Caples Jefferson Architects
- Founded: 1987
- Founder: Sara Caples and Everardo Jefferson
- Headquarters: Long Island City, Queens, New York, United States
- Website: www.capjeff.com

= Caples Jefferson Architects =

American design and architecture firm

Caples Jefferson Architects is an American design and architecture firm founded in 1987 in New York City by principal architects Sara Caples and Everardo Jefferson. The firm focuses on
architecture in a public, cultural and community context, and is unique for its dedication to designing approximately half of its projects in communities underserved by the design profession.

==Biography==

Sara Caples attended Smith College and received a Master of Architecture from Yale University. She has taught at schools of architecture at CCNY, Syracuse, and University of Miami. Everardo Jefferson attended Pratt Institute and received a Master of Architecture at Yale University. He has taught at schools of architecture at Columbia and Syracuse. Caples and Jefferson were invited to teach as the Louis I. Kahn Visiting Assistant Professors at Yale University in Fall 2015. In 2019, Jefferson was appointed Commissioner at the New York City Landmarks Preservation Commission.

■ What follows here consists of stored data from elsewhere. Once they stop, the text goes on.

(* [T n] is the annihilator of the increasing chain of ideals [s^-n(I)];
   semiprimeness recovers it from its left annihilator, to which the ACC applies. *)
Lemma ann_stable m : ann I m -> ann I (s m).
Proof.
pose T n := ann (fun a => I (iter_rmorph n a)).
have T_decr n r : lann (T n) r -> lann (T n.+1) r.
  by move=> rT0 m' Tm'; apply: rT0; apply: ann_sub Tm' => a; apply: I_stable.
have [N T_stab] := R_acc T_decr.
move=> Im; have [g _ gK] := iter_rmorph_bij N.
have : T N.+1 (g m).
  apply/(ann_rann_lann R_semiprime _ (ideal_preimage _ I_ideal)) => t.
  move/(T_stab _ (leqnSn N)); apply.
  by apply/(ann_preimage I (iter_rmorph_bij N)); rewrite gK.
by move/(ann_preimage I (iter_rmorph_bij N.+1)); rewrite /= gK.
Qed.

Lemma ann_image m : ann I m <-> exists2 r, ann I r & m = s r.
Proof.
split=> [Im|[r Ir ->]]; last exact: ann_stable.
have [g _ gK] := s_bij; exists (g m); last by rewrite gK.
by apply: (ann_sub I_stable); apply/(ann_preimage I s_bij); rewrite gK.
Qed.

End StableAnnihilator.

Section SkewExtension.
Variables (R : pzRingType) (d : Order.disp_t) (X : orderType d) (S : pzRingType).
Variables (iota : {rmorphism R -> S}) (xv : X -> S).
Variables (sigma : X -> {rmorphism R -> R}) (delta : X -> R -> R).
Hypothesis xv_iota : forall x r,
  xv x * iota r = iota (sigma x r) * xv x + iota (delta x r).

Local Notation wd := (word xv).

Lemma word_nil : wd [::] = 1.
Proof. by rewrite /word big_nil. Qed.

Lemma word_cons x w : wd (x :: w) = xv x * wd w.
Proof. by rewrite /word big_cons. Qed.

Definition in_span (P : seq X -> Prop) (g : S) :=
  exists t : seq (seq X * R),
    g = \sum_(p <- t) iota p.2 * wd p.1 /\ forall p, p \in t -> P p.1.

Lemma span0 P : in_span P 0.
Proof. by exists [::]; rewrite big_nil. Qed.

Lemma spanD P g h : in_span P g -> in_span P h -> in_span P (g + h).
Proof.
move=> [t1 [-> Pt1]] [t2 [-> Pt2]]; exists (t1 ++ t2); rewrite big_cat.
by split=> // p; rewrite mem_cat => /orP[]; auto.
Qed.

Lemma span_term P v r : P v -> in_span P (iota r * wd v).
Proof.
by move=> Pv; exists [:: (v, r)]; rewrite big_seq1; split=> // p; rewrite inE => /eqP->.
Qed.

Lemma span_sub P Q g : (forall v, P v -> Q v) -> in_span P g -> in_span Q g.
Proof. by move=> PQ [t [-> Pt]]; exists t; split=> // p /Pt /PQ. Qed.

Lemma span_sum (I : eqType) P (l : seq I) (C : pred I) F :
  (forall i, i \in l -> C i -> in_span P (F i)) -> in_span P (\sum_(i <- l | C i) F i).
Proof.
elim: l => [|i l IH] spanF; first by rewrite big_nil; apply: span0.
have span_l : in_span P (\sum_(j <- l | C j) F j).
  by apply: IH => j jl; apply: spanF; rewrite inE jl orbT.
rewrite big_cons; case: ifP => // Ci; apply: spanD span_l.
by apply: spanF; rewrite ?mem_head.
Qed.
(* Let $\mathbf k$ be a commutative domain of characteristic zero, let $0\neq\psi(x)=\sum_{j=0}^s b_jx^j\in\mathbf k[x]$, and let $\omega=xy-y\psi(x)$. The following are equivalent: (1) for every commutative Rota-Baxter algebra $(R,P)$ of weight $0$, the $\omega$-cover $\widetilde P$ of $P$ on $R^{\mathbb N}$ (weight-$0$ Hurwitz product) is a Rota-Baxter operator of weight $0$; (2) $\deg\psi=1$ and $b_1=1$, i.e. $\omega=xy-(b_0y+yx)$; (3) for every commutative Rota-Baxter algebra $(R,P)$ of weight $0$ and every $f\in R^{\mathbb N}$, $\widetilde P_0(f)=P(f_0)$ and $\widetilde P_n(f)=b_0\widetilde P_{n-1}(f)+\widetilde P_{n-1}(\partial_Rf)$ for all $n\ge1$. Moreover, when $b_0=0$ in (3), $\widetilde P(f)=(P(f_0),P(f_1),P(f_2),\dots)$.
   Context: A Rota-Baxter operator of weight $0$ on an algebra $A$ is a $\mathbf{k}$-linear $P$ with $P(x)P(y)=P(P(x)y)+P(xP(y))$. $R^{\mathbb N}$ is the set of sequences $(f_n)_{n\in\mathbb N}$ in $R$ with product $(fg)_n=\sum_{j=0}^n\binom{n}{j}f_{n-j}g_j$, and $(\partial_R f)_n=f_{n+1}$. For $\omega=xy-(\phi(x)+y\psi(x))$ with $\phi=\sum_{i=0}^r a_ix^i$, $\psi=\sum_{j=0}^s b_jx^j$ in $\mathbf k[x]$, the $\omega$-cover $\widetilde P$ of $P$ is the unique linear operator on $R^{\mathbb N}$ with $\widetilde P_0(f)=P(f_0)$ and $\widetilde P_n(f)=\sum_{i=0}^r a_if_{n-1+i}+\sum_{j=0}^s b_j\widetilde P_{n-1}(\partial_R^jf)$ for $n\ge1$, where $\widetilde P_n(f):=\widetilde P(f)_n$ (here $\phi=0$). *)

From HB Require Import structures.
From mathcomp Require Import all_boot all_order all_algebra.
Set Implicit Arguments. Unset Strict Implicit. Unset Printing Implicit Defensive.
Import Order.TTheory GRing.Theory Num.Theory.
Local Open Scope ring_scope.

Section Defs.
Variables (k : comNzRingType) (R : comAlgType k).

(* P is a Rota-Baxter operator of weight 0 on R (k-linearity is imposed separately). *)
Definition is_RB0 (P : R -> R) : Prop :=
  forall x y : R, P x * P y = P (P x * y) + P (x * P y).

Definition hurwitz_mul (f g : nat -> R) : nat -> R :=
  fun n => \sum_(j < n.+1) ('C(n, j))%:R * f (n - j)%N * g j.

(* j-fold derivation: (partial_R^j f)_n = f_(n+j) *)
Definition dshift (j : nat) (f : nat -> R) : nat -> R := fun n => f (n + j)%N.
(* Let $p$ be an odd prime, $i\in\mathbb{N}_0$ and $\gamma\in\hat H_i$. Let $\tilde\gamma$ be the unique $\mathbb{Q}_p$-linear extension of $\gamma$ to $K\wedge_{\mathbb{Q}_p}K\to K$. Then for every $j\in\mathbb{N}_0$ with $j\equiv i\pmod{p-1}$, the restriction of $\tilde\gamma$ to $\mathfrak{p}^j\wedge\mathfrak{p}^j$ lies in $\hat H_j$.
   Context: Let $\theta$ be a primitive $p$-th root of unity, $K=\mathbb{Q}_p(\theta)$, $\mathcal{O}$ its ring of integers, $\mathfrak{p}$ its maximal ideal; $\mathfrak{p}^j$ is the unique ideal of index $p^j$ in $\mathcal{O}$. $P=\langle\theta\rangle$ acts by multiplication on ideals and diagonally on exterior squares $\mathfrak{p}^i\wedge\mathfrak{p}^i$ (over $\mathbb{Z}_p$); $\mathrm{Hom}_P$ denotes $P$-equivariant $\mathbb{Z}_p$-linear maps. $\hat{H}_i=\{\gamma\in\mathrm{Hom}_P(\mathfrak{p}^i\wedge\mathfrak{p}^i,\mathfrak{p}^{2i+1}) \mid \gamma \text{ surjective}\}$. *)

From HB Require Import structures.
From mathcomp Require Import all_boot all_order all_algebra all_field.
Set Implicit Arguments. Unset Strict Implicit. Unset Printing Implicit Defensive.
Import GRing.Theory.
Local Open Scope ring_scope.

(* The p-adic integers, characterised axiomatically inside a field F:       *)
(* Zp is a valuation ring of F (so F = Frac Zp), its maximal ideal is       *)
(* generated by p, the residue field is the prime field F_p, Zp is          *)
(* p-adically separated and complete.  These properties characterise        *)
(* (Zp, F) up to isomorphism as (Z_p, Q_p).                                 *)
Definition is_padic_integers (p : nat) (F : fieldType) (Zp : {pred F}) : Prop :=
  let pF : F := p%:R in
  [/\ 1 \in Zp,
      (forall x y, x \in Zp -> y \in Zp -> (x - y \in Zp) /\ (x * y \in Zp)),
      (forall x : F, x \in Zp \/ x^-1 \in Zp),
      pF \in Zp /\ pF^-1 \notin Zp
    & (forall x, x \in Zp -> x^-1 \notin Zp -> x / pF \in Zp)] /\
  [/\ (forall x, x \in Zp -> exists k : nat, (x - k%:R) / pF \in Zp),
      (forall x, (forall n, x / pF ^+ n \in Zp) -> x = 0)
    & (forall a : nat -> F, (forall n, a n \in Zp) ->
         (forall n, (a n.+1 - a n) / pF ^+ n \in Zp) ->
         exists l, forall n, (l - a n) / pF ^+ n \in Zp)].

The firm has garnered numerous awards, including the AIANY President's Award 2017, AIA New York State Firm of the Year in 2012, NYC MWBE Firm of the Year in 2009 and was a Mies van der Rohe Crown Hall Prize of the Americas nominee. Jefferson was the 2020 recipient of the Rowena Award, designated by the Rowena Reed Kostellow Fund at Pratt Institute.

==Work==

Caples Jefferson's body of work includes projects: Weeksville Heritage Center, Queens Theater in the Park addition and renovation, Marcus Garvey Community Center, Motion Pictures Editors Guild, Heritage Health & Housing Headquarters, Columbia University's Starr East Asian library renovation.

Weeksville Heritage Center is a cultural center and urban design project that was completed in 2014 in Crown Heights, Brooklyn. The elegant new Modern structure is a two-story, 23,000 sq ft space that includes art exhibition, performance, education facilities, offices and green spaces for staff, visitors and the local community. The L-shaped building frames the historic houses that once belonged to 19th-century African-American freedmen. It is certified LEED Gold, and includes geothermal wells, and storm water gathering and percolation on site. Weeksville Heritage Center has been awarded multiple awards, such as AIA New York State's Design Excellence Award 2014 & Best in New York State 2014, Municipal Art Society's Best New Building 2014, Historic Districts Council’s Design Award 2014, and Chicago Athenaeum's American Architecture Award 2014.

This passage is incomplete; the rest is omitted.